Lemma thin_kconnected_dist_le x0 k w B : k_connected adj k B ->
  (forall a b, B a -> B b -> Defs.dist adj a x0 < Defs.dist adj b x0 + w) ->
  forall x y, B x -> B y ->
  Defs.dist adj x y <= n * (2 * (2 * M + 2 * w + 2 * k + 1) + 1) + (3 * w + 2 * k + 2 * M + 2).
Proof.
  intros Hk Hthin x y Hx Hy.
  destruct (le_lt_dec (Defs.dist adj x x0) (w + k + M + 1)) as [Hsmall | Hbig].
  - pose proof (dist_triangle x x0 y); pose proof (dist_sym x0 y); pose proof (Hthin y x Hy Hx).
    lia.
  - destruct (path_of_kchain (Hk x y Hx Hy)) as [l [Hp [<- Hnear]]].
    enough (Defs.dist adj x (last l x) <= n * (2 * (M + (2 * w + 2 * k + M + 1)) + 1)) by nia.
    apply (annulus_path_dist_le x0 (Defs.dist adj x x0 - (w + k + M + 1))); [exact Hp |].
    intros z Hz; destruct (Hnear z Hz) as [a [Ha Haz]].
    pose proof (Hthin x a Hx Ha); pose proof (Hthin a x Ha Hx).
    pose proof (dist_triangle a z x0); pose proof (dist_triangle z a x0); pose proof (dist_sym z a).
    lia.
Qed.

End Bottleneck.

Lemma layer_dist_lt x0 lam N w a b : (lam <= INR w)%R ->
  layer adj x0 lam N a -> layer adj x0 lam N b ->
  Defs.dist adj a x0 < Defs.dist adj b x0 + w.
Proof. intros Hw [Ha1 Ha2] [Hb1 Hb2]; apply INR_lt; rewrite plus_INR; nra. Qed.

Lemma block_diam_bounded : coarsely_bottlenecked adj -> forall x0 lam k, exists D,
  forall B, is_block adj x0 lam k B -> forall x y, B x -> B y -> Defs.dist adj x y <= D.
Proof.
  intros [M [n Hfb]] x0 lam k; destruct (INR_unbounded lam) as [w Hw].
  eexists; intros B [N [Hlayer [_ [Hk _]]]] x y Hx Hy.
  apply (thin_kconnected_dist_le M n Hfb x0 k w B Hk); [| exact Hx | exact Hy].
  intros a b Ha Hb; apply (layer_dist_lt x0 lam N); [lra | apply Hlayer; assumption ..].
Qed.

Section BoundedCover.

Context {W : Type}.
Variables (adjW : W -> W -> Prop) (P : W -> V -> Prop) (f : V -> W) (D : nat).
Hypothesis f_cover : forall x, P (f x) x.
Hypothesis adjW_iff : forall b1 b2, adjW b1 b2 <-> exists p q, P b1 p /\ P b2 q /\ adj p q.
Hypothesis P_diam : forall b x y, P b x -> P b y -> Defs.dist adj x y <= D.

Lemma walk_image {x y m} : walk adj x y m -> walk adjW (f x) (f y) m.
Proof.
  induction 1 as [x | x y z m Hxy _ IH]; [constructor |].
  econstructor; [apply adjW_iff; exists x, y; auto | exact IH].
Qed.

Lemma dist_le_of_walk_image {b1 b2 m} : walk adjW b1 b2 m ->
  forall x y, P b1 x -> P b2 y -> Defs.dist adj x y <= m * (2 * D + 1) + D.
Proof.
  induction 1 as [b | b1 b b2 m Hadj _ IH]; intros x y Hx Hy.
  { pose proof (P_diam _ _ _ Hx Hy); lia. }
  apply adjW_iff in Hadj; destruct Hadj as [p [q [Hp [Hq Hpq]]]].
  pose proof (P_diam _ _ _ Hx Hp); pose proof (IH q y Hq Hy).
  pose proof (dist_triangle x p y); pose proof (dist_triangle p q y).
  pose proof (dist_le_1_of_adj Hpq); nia.
Qed.

Hypothesis P_nonempty : forall b, exists a, P b a.
Hypothesis no_isolated : forall a, exists a', adj a a'.

Lemma quasi_isometry_of_bounded_cover : quasi_isometry adj adjW f.
Proof.
  exists (2 * D + 1), (D + 2); split.
  - intros x y; pose proof (walk_image (walk_dist x y)) as Himg; split.
    + pose proof (dist_le_walk Himg); nia.
    + pose proof (dist_le_of_walk_image (proj1 (dist_spec Himg)) _ _ (f_cover x) (f_cover y)); nia.
  - intros b; destruct (P_nonempty b) as [a Ha]; destruct (no_isolated a) as [a' Haa'].
    exists a; enough (Defs.dist adjW (f a) b <= 2) by lia.
    apply dist_le_walk; econstructor; [| econstructor; [| constructor]];
      apply adjW_iff; [exists a, a' | exists a', a]; auto.
Qed.

End BoundedCover.

End GraphMetric.

Theorem corollary7 (V : Type) (adj : V -> V -> Prop)
  (Hsym : gsymmetric adj) (Hconn : gconnected adj) (Hunb : gunbounded adj) :
  coarsely_bottlenecked adj ->
  forall (x0 : V) (lam : R) (k : nat),
    (1 <= lam)%R -> (1 <= k)%nat ->
    forall f : V -> skel_vertex adj x0 lam k,
      (forall x, proj1_sig (f x) x) ->
      quasi_isometry adj (skel_adj adj x0 lam k) f.
Proof.
  intros Hcb x0 lam k _ _ f Hf.
  destruct (block_diam_bounded Hconn Hsym Hcb x0 lam k) as [D HD].
  apply (quasi_isometry_of_bounded_cover Hconn Hsym _ (fun b x => proj1_sig b x) f D Hf).
  - intros b1 b2; reflexivity.
  - intros b x y; exact (HD _ (proj2_sig b) x y).
  - intros b; destruct (proj2_sig b) as [N [_ [Hne _]]]; exact Hne.
  - exact (exists_adj_of_unbounded Hconn Hunb).
Qed.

· · · · ·

> YOUR INSTRUCTIONS: From the first entry to the last, reproduce everything precisely.

> WRITTEN RESPONSE:
Lemma thin_kconnected_dist_le x0 k w B : k_connected adj k B ->
  (forall a b, B a -> B b -> Defs.dist adj a x0 < Defs.dist adj b x0 + w) ->
  forall x y, B x -> B y ->
  Defs.dist adj x y <= n * (2 * (2 * M + 2 * w + 2 * k + 1) + 1) + (3 * w + 2 * k + 2 * M + 2).
Proof.
  intros Hk Hthin x y Hx Hy.
  destruct (le_lt_dec (Defs.dist adj x x0) (w + k + M + 1)) as [Hsmall | Hbig].
  - pose proof (dist_triangle x x0 y); pose proof (dist_sym x0 y); pose proof (Hthin y x Hy Hx).
    lia.
  - destruct (path_of_kchain (Hk x y Hx Hy)) as [l [Hp [<- Hnear]]].
    enough (Defs.dist adj x (last l x) <= n * (2 * (M + (2 * w + 2 * k + M + 1)) + 1)) by nia.
    apply (annulus_path_dist_le x0 (Defs.dist adj x x0 - (w + k + M + 1))); [exact Hp |].
    intros z Hz; destruct (Hnear z Hz) as [a [Ha Haz]].
    pose proof (Hthin x a Hx Ha); pose proof (Hthin a x Ha Hx).
    pose proof (dist_triangle a z x0); pose proof (dist_triangle z a x0); pose proof (dist_sym z a).
    lia.
Qed.

End Bottleneck.

Lemma layer_dist_lt x0 lam N w a b : (lam <= INR w)%R ->
  layer adj x0 lam N a -> layer adj x0 lam N b ->
  Defs.dist adj a x0 < Defs.dist adj b x0 + w.
Proof. intros Hw [Ha1 Ha2] [Hb1 Hb2]; apply INR_lt; rewrite plus_INR; nra. Qed.

Lemma block_diam_bounded : coarsely_bottlenecked adj -> forall x0 lam k, exists D,
  forall B, is_block adj x0 lam k B -> forall x y, B x -> B y -> Defs.dist adj x y <= D.
Proof.
  intros [M [n Hfb]] x0 lam k; destruct (INR_unbounded lam) as [w Hw].
  eexists; intros B [N [Hlayer [_ [Hk _]]]] x y Hx Hy.
  apply (thin_kconnected_dist_le M n Hfb x0 k w B Hk); [| exact Hx | exact Hy].
  intros a b Ha Hb; apply (layer_dist_lt x0 lam N); [lra | apply Hlayer; assumption ..].
Qed.

Section BoundedCover.

Context {W : Type}.
Variables (adjW : W -> W -> Prop) (P : W -> V -> Prop) (f : V -> W) (D : nat).
Hypothesis f_cover : forall x, P (f x) x.
Hypothesis adjW_iff : forall b1 b2, adjW b1 b2 <-> exists p q, P b1 p /\ P b2 q /\ adj p q.
Hypothesis P_diam : forall b x y, P b x -> P b y -> Defs.dist adj x y <= D.

Lemma walk_image {x y m} : walk adj x y m -> walk adjW (f x) (f y) m.
Proof.
  induction 1 as [x | x y z m Hxy _ IH]; [constructor |].
  econstructor; [apply adjW_iff; exists x, y; auto | exact IH].
Qed.

Lemma dist_le_of_walk_image {b1 b2 m} : walk adjW b1 b2 m ->
  forall x y, P b1 x -> P b2 y -> Defs.dist adj x y <= m * (2 * D + 1) + D.
Proof.
  induction 1 as [b | b1 b b2 m Hadj _ IH]; intros x y Hx Hy.
  { pose proof (P_diam _ _ _ Hx Hy); lia. }
  apply adjW_iff in Hadj; destruct Hadj as [p [q [Hp [Hq Hpq]]]].
  pose proof (P_diam _ _ _ Hx Hp); pose proof (IH q y Hq Hy).
  pose proof (dist_triangle x p y); pose proof (dist_triangle p q y).
  pose proof (dist_le_1_of_adj Hpq); nia.
Qed.

Hypothesis P_nonempty : forall b, exists a, P b a.
Hypothesis no_isolated : forall a, exists a', adj a a'.

Lemma quasi_isometry_of_bounded_cover : quasi_isometry adj adjW f.
Proof.
  exists (2 * D + 1), (D + 2); split.
  - intros x y; pose proof (walk_image (walk_dist x y)) as Himg; split.
    + pose proof (dist_le_walk Himg); nia.
    + pose proof (dist_le_of_walk_image (proj1 (dist_spec Himg)) _ _ (f_cover x) (f_cover y)); nia.
  - intros b; destruct (P_nonempty b) as [a Ha]; destruct (no_isolated a) as [a' Haa'].
    exists a; enough (Defs.dist adjW (f a) b <= 2) by lia.
    apply dist_le_walk; econstructor; [| econstructor; [| constructor]];
      apply adjW_iff; [exists a, a' | exists a', a]; auto.
Qed.

End BoundedCover.

End GraphMetric.

Theorem corollary7 (V : Type) (adj : V -> V -> Prop)
  (Hsym : gsymmetric adj) (Hconn : gconnected adj) (Hunb : gunbounded adj) :
  coarsely_bottlenecked adj ->
  forall (x0 : V) (lam : R) (k : nat),
    (1 <= lam)%R -> (1 <= k)%nat ->
    forall f : V -> skel_vertex adj x0 lam k,
      (forall x, proj1_sig (f x) x) ->
      quasi_isometry adj (skel_adj adj x0 lam k) f.
Proof.
  intros Hcb x0 lam k _ _ f Hf.
  destruct (block_diam_bounded Hconn Hsym Hcb x0 lam k) as [D HD].
  apply (quasi_isometry_of_bounded_cover Hconn Hsym _ (fun b x => proj1_sig b x) f D Hf).
  - intros b1 b2; reflexivity.
  - intros b x y; exact (HD _ (proj2_sig b) x y).
  - intros b; destruct (proj2_sig b) as [N [_ [Hne _]]]; exact Hne.
  - exact (exists_adj_of_unbounded Hconn Hunb).
Qed.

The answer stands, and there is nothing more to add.